Lemma card_Sigma_mu :
  card_is (fun xi : {ffun 'I_s -> F} => Sigma coord a xi /\ mu n xi) (size Sigma_mu_seq).
Proof.
exists Sigma_mu_seq; split; first exact: Sigma_mu_seq_uniq.
by split=> // xi; apply: mem_Sigma_mu_seq.
Qed.

Lemma periodic_harmonic_span (f : L -> F) :
  periodic (in_Lambda_n v n) f -> harmonic a f ->
  exists e : {ffun 'I_s -> F} -> F,
    forall x, f x = \sum_(xi <- Sigma_mu_seq) e xi * char_of coord xi x.
Proof.
move=> f_per f_harm; have [e f_e] := periodic_span_mu f_per.
have e_Sigma xi : xi \in mu_seq -> ~~ in_Sigma xi -> e xi = 0.
  move=> xi_mu /forallPn[j sigma_j].
  suff /eqP : e xi * symbol_eval coord (a j) xi = 0.
    by rewrite mulf_eq0 (negPf sigma_j) orbF => /eqP.
  apply: (char_of_lin_indep hspan hindep
    (c := fun xi => e xi * symbol_eval coord (a j) xi) mu_seq_uniq mu_seq_neq0 _ xi_mu).
  move=> x; rewrite -[RHS](f_harm j x) (eq_conv _ f_e) conv_sum.
  apply: eq_big_seq => z z_mu.
  by rewrite (conv_char_of hspan hindep (mu_seq_neq0 z_mu)) mulrA mulrAC.
exists e => x; rewrite f_e big_filter [RHS]big_mkcond; apply: eq_big_seq => xi xi_mu.
by case: ifP => // /negbT xi_Sigma; rewrite e_Sigma ?mul0r.
Qed.

Lemma dim_periodic_harmonic :
  dim_is (fun f : L -> F => periodic (in_Lambda_n v n) f /\ harmonic a f)
    (size Sigma_mu_seq).
Proof.
apply: (dim_is_seq_basis (phi := char_of coord)) Sigma_mu_seq_uniq _ _ _.
- move=> f g c [f_per f_harm] [g_per g_harm].
  split=> [x y y_Lambda | j x]; first by rewrite f_per ?g_per.
  have := f_harm j x; have := g_harm j x; rewrite /conv => conv_g conv_f.
  under eq_bigr do rewrite mulrDl -mulrA.
  by rewrite big_split -mulr_sumr /= conv_f conv_g mulr0 addr0.
- by split=> [//|j x]; rewrite /conv big1 // => k _; rewrite mul0r.
- move=> xi /mem_Sigma_mu_seq[[xi_neq0 xi_Sigma] xi_mu].
  split=> [|j x]; first exact: char_of_periodic.
  by rewrite (conv_char_of hspan hindep) // xi_Sigma mulr0.
- move=> c; apply: (char_of_lin_indep hspan hindep Sigma_mu_seq_uniq).
  by move=> xi /mem_Sigma_mu_seq[[]].
- by move=> f [f_per f_harm]; apply: periodic_harmonic_span.
Qed.

End Dimension.

Theorem proposition3p1
  (p r : nat) (hp : prime p) (hr : (0 < r)%N)
  (F : closedFieldType) (hchar : p \in [pchar F])
  (halg : algebraic_over_prime_field F)
  (s : nat) (L : zmodType) (v : 'I_s -> L) (coord : L -> 'I_s -> int)
  (hspan : forall x : L, x = \sum_(i < s) v i *~ coord x i)
  (hindep : forall alpha : 'I_s -> int,
      \sum_(i < s) v i *~ alpha i = 0 -> forall i, alpha i = 0)
  (t : nat) (a : 'I_t -> fsF F L) :
  (* the map Char(Lambda) -> (Kbar^x)^s is a bijection ... *)
  ((forall chi1 chi2 : L -> F, is_char chi1 -> is_char chi2 ->
       (forall i, chi1 (v i) = chi2 (v i)) -> forall x, chi1 x = chi2 x) /\
   (forall xi : {ffun 'I_s -> F}, (forall i, xi i != 0) ->
       exists2 chi : L -> F, is_char chi & forall i, chi (v i) = xi i) /\
   (* ... restricting to a bijection from harmonic characters onto Sigma *)
   (forall chi : L -> F, is_char chi ->
       (harmonic a chi <-> Sigma coord a [ffun i => chi (v i)]))) /\
  forall (n : 'I_s -> nat), (forall i, (0 < n i)%N /\ coprime (n i) p) ->
  (* G = Lambda / Lambda_n, presented by a surjective hom pi with kernel Lambda_n *)
  forall (G : finZmodType) (pi : L -> G),
    (forall x y, pi (x + y) = pi x + pi y) ->
    (forall c : G, exists x, pi x = c) ->
    (forall x, pi x = 0 <-> in_Lambda_n v n x) ->
  let astar := fun j => push pi (a j) in
  bijection_between (fun xi : {ffun 'I_s -> F} => Sigma coord a xi /\ mu n xi)
                    (fun chi : {ffun G -> F} => is_charG chi /\ harmonicG astar chi) /\
  bijection_between (fun chi : {ffun G -> F} => is_charG chi /\ harmonicG astar chi)
                    (Vset astar) /\
  exists N : nat,
    dim_is (fun f : L -> F => periodic (in_Lambda_n v n) f /\ harmonic a f) N /\
    card_is (Vset astar) N /\
    card_is (fun xi : {ffun 'I_s -> F} => Sigma coord a xi /\ mu n xi) N.
Proof.
split; [split; [|split] |].
- move=> chi1 chi2 chi1_char chi2_char eq_v x.
  rewrite (char_char_of hspan x chi1_char) (char_char_of hspan x chi2_char).
  by congr char_of; apply/ffunP => i; rewrite !ffunE.
- move=> xi xi_neq0; exists (char_of coord xi); first exact: char_of_is_char.
  by move=> i; rewrite (char_of_basis hspan hindep).
- by move=> chi; apply: harmonic_charE.
move=> n n_cop G pi piD pi_surj pi_ker astar.
have bij_mu := bij_Sigma_mu_harmonicG hspan hindep piD pi_surj pi_ker a.
have bij_V := bij_harmonicG_Vset astar.
have n_gt0 i : (0 < n i)%N by case: (n_cop i).
have n_neq0 i : (n i)%:R != 0 :> F.
  by rewrite -(dvdn_pcharf hchar) -prime_coprime // coprime_sym; case: (n_cop i).
pose w i := sval (prim_root_exists (n_gt0 i) (n_neq0 i)).
have w_prim i : (n i).-primitive_root (w i) := svalP (prim_root_exists _ _).
have card_mu := card_Sigma_mu coord n_gt0 w_prim a.
split=> //; split=> //; exists (size (Sigma_mu_seq coord n w a)).
split; first exact: dim_periodic_harmonic.
by split=> //; apply: card_is_bij (card_is_bij card_mu bij_mu) bij_V.
Qed.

========================

* Directions for this task: Each line of the listing should be copied exactly, with none left out.

* Solution for this exercise:
Lemma card_Sigma_mu :
  card_is (fun xi : {ffun 'I_s -> F} => Sigma coord a xi /\ mu n xi) (size Sigma_mu_seq).
Proof.
exists Sigma_mu_seq; split; first exact: Sigma_mu_seq_uniq.
by split=> // xi; apply: mem_Sigma_mu_seq.
Qed.

Lemma periodic_harmonic_span (f : L -> F) :
  periodic (in_Lambda_n v n) f -> harmonic a f ->
  exists e : {ffun 'I_s -> F} -> F,
    forall x, f x = \sum_(xi <- Sigma_mu_seq) e xi * char_of coord xi x.
Proof.
move=> f_per f_harm; have [e f_e] := periodic_span_mu f_per.
have e_Sigma xi : xi \in mu_seq -> ~~ in_Sigma xi -> e xi = 0.
  move=> xi_mu /forallPn[j sigma_j].
  suff /eqP : e xi * symbol_eval coord (a j) xi = 0.
    by rewrite mulf_eq0 (negPf sigma_j) orbF => /eqP.
  apply: (char_of_lin_indep hspan hindep
    (c := fun xi => e xi * symbol_eval coord (a j) xi) mu_seq_uniq mu_seq_neq0 _ xi_mu).
  move=> x; rewrite -[RHS](f_harm j x) (eq_conv _ f_e) conv_sum.
  apply: eq_big_seq => z z_mu.
  by rewrite (conv_char_of hspan hindep (mu_seq_neq0 z_mu)) mulrA mulrAC.
exists e => x; rewrite f_e big_filter [RHS]big_mkcond; apply: eq_big_seq => xi xi_mu.
by case: ifP => // /negbT xi_Sigma; rewrite e_Sigma ?mul0r.
Qed.

Lemma dim_periodic_harmonic :
  dim_is (fun f : L -> F => periodic (in_Lambda_n v n) f /\ harmonic a f)
    (size Sigma_mu_seq).
Proof.
apply: (dim_is_seq_basis (phi := char_of coord)) Sigma_mu_seq_uniq _ _ _.
- move=> f g c [f_per f_harm] [g_per g_harm].
  split=> [x y y_Lambda | j x]; first by rewrite f_per ?g_per.
  have := f_harm j x; have := g_harm j x; rewrite /conv => conv_g conv_f.
  under eq_bigr do rewrite mulrDl -mulrA.
  by rewrite big_split -mulr_sumr /= conv_f conv_g mulr0 addr0.
- by split=> [//|j x]; rewrite /conv big1 // => k _; rewrite mul0r.
- move=> xi /mem_Sigma_mu_seq[[xi_neq0 xi_Sigma] xi_mu].
  split=> [|j x]; first exact: char_of_periodic.
  by rewrite (conv_char_of hspan hindep) // xi_Sigma mulr0.
- move=> c; apply: (char_of_lin_indep hspan hindep Sigma_mu_seq_uniq).
  by move=> xi /mem_Sigma_mu_seq[[]].
- by move=> f [f_per f_harm]; apply: periodic_harmonic_span.
Qed.

End Dimension.

Theorem proposition3p1
  (p r : nat) (hp : prime p) (hr : (0 < r)%N)
  (F : closedFieldType) (hchar : p \in [pchar F])
  (halg : algebraic_over_prime_field F)
  (s : nat) (L : zmodType) (v : 'I_s -> L) (coord : L -> 'I_s -> int)
  (hspan : forall x : L, x = \sum_(i < s) v i *~ coord x i)
  (hindep : forall alpha : 'I_s -> int,
      \sum_(i < s) v i *~ alpha i = 0 -> forall i, alpha i = 0)
  (t : nat) (a : 'I_t -> fsF F L) :
  (* the map Char(Lambda) -> (Kbar^x)^s is a bijection ... *)
  ((forall chi1 chi2 : L -> F, is_char chi1 -> is_char chi2 ->
       (forall i, chi1 (v i) = chi2 (v i)) -> forall x, chi1 x = chi2 x) /\
   (forall xi : {ffun 'I_s -> F}, (forall i, xi i != 0) ->
       exists2 chi : L -> F, is_char chi & forall i, chi (v i) = xi i) /\
   (* ... restricting to a bijection from harmonic characters onto Sigma *)
   (forall chi : L -> F, is_char chi ->
       (harmonic a chi <-> Sigma coord a [ffun i => chi (v i)]))) /\
  forall (n : 'I_s -> nat), (forall i, (0 < n i)%N /\ coprime (n i) p) ->
  (* G = Lambda / Lambda_n, presented by a surjective hom pi with kernel Lambda_n *)
  forall (G : finZmodType) (pi : L -> G),
    (forall x y, pi (x + y) = pi x + pi y) ->
    (forall c : G, exists x, pi x = c) ->
    (forall x, pi x = 0 <-> in_Lambda_n v n x) ->
  let astar := fun j => push pi (a j) in
  bijection_between (fun xi : {ffun 'I_s -> F} => Sigma coord a xi /\ mu n xi)
                    (fun chi : {ffun G -> F} => is_charG chi /\ harmonicG astar chi) /\
  bijection_between (fun chi : {ffun G -> F} => is_charG chi /\ harmonicG astar chi)
                    (Vset astar) /\
  exists N : nat,
    dim_is (fun f : L -> F => periodic (in_Lambda_n v n) f /\ harmonic a f) N /\
    card_is (Vset astar) N /\
    card_is (fun xi : {ffun 'I_s -> F} => Sigma coord a xi /\ mu n xi) N.
Proof.
split; [split; [|split] |].
- move=> chi1 chi2 chi1_char chi2_char eq_v x.
  rewrite (char_char_of hspan x chi1_char) (char_char_of hspan x chi2_char).
  by congr char_of; apply/ffunP => i; rewrite !ffunE.
- move=> xi xi_neq0; exists (char_of coord xi); first exact: char_of_is_char.
  by move=> i; rewrite (char_of_basis hspan hindep).
- by move=> chi; apply: harmonic_charE.
move=> n n_cop G pi piD pi_surj pi_ker astar.
have bij_mu := bij_Sigma_mu_harmonicG hspan hindep piD pi_surj pi_ker a.
have bij_V := bij_harmonicG_Vset astar.
have n_gt0 i : (0 < n i)%N by case: (n_cop i).
have n_neq0 i : (n i)%:R != 0 :> F.
  by rewrite -(dvdn_pcharf hchar) -prime_coprime // coprime_sym; case: (n_cop i).
pose w i := sval (prim_root_exists (n_gt0 i) (n_neq0 i)).
have w_prim i : (n i).-primitive_root (w i) := svalP (prim_root_exists _ _).
have card_mu := card_Sigma_mu coord n_gt0 w_prim a.
split=> //; split=> //; exists (size (Sigma_mu_seq coord n w a)).
split; first exact: dim_periodic_harmonic.
by split=> //; apply: card_is_bij (card_is_bij card_mu bij_mu) bij_V.
Qed.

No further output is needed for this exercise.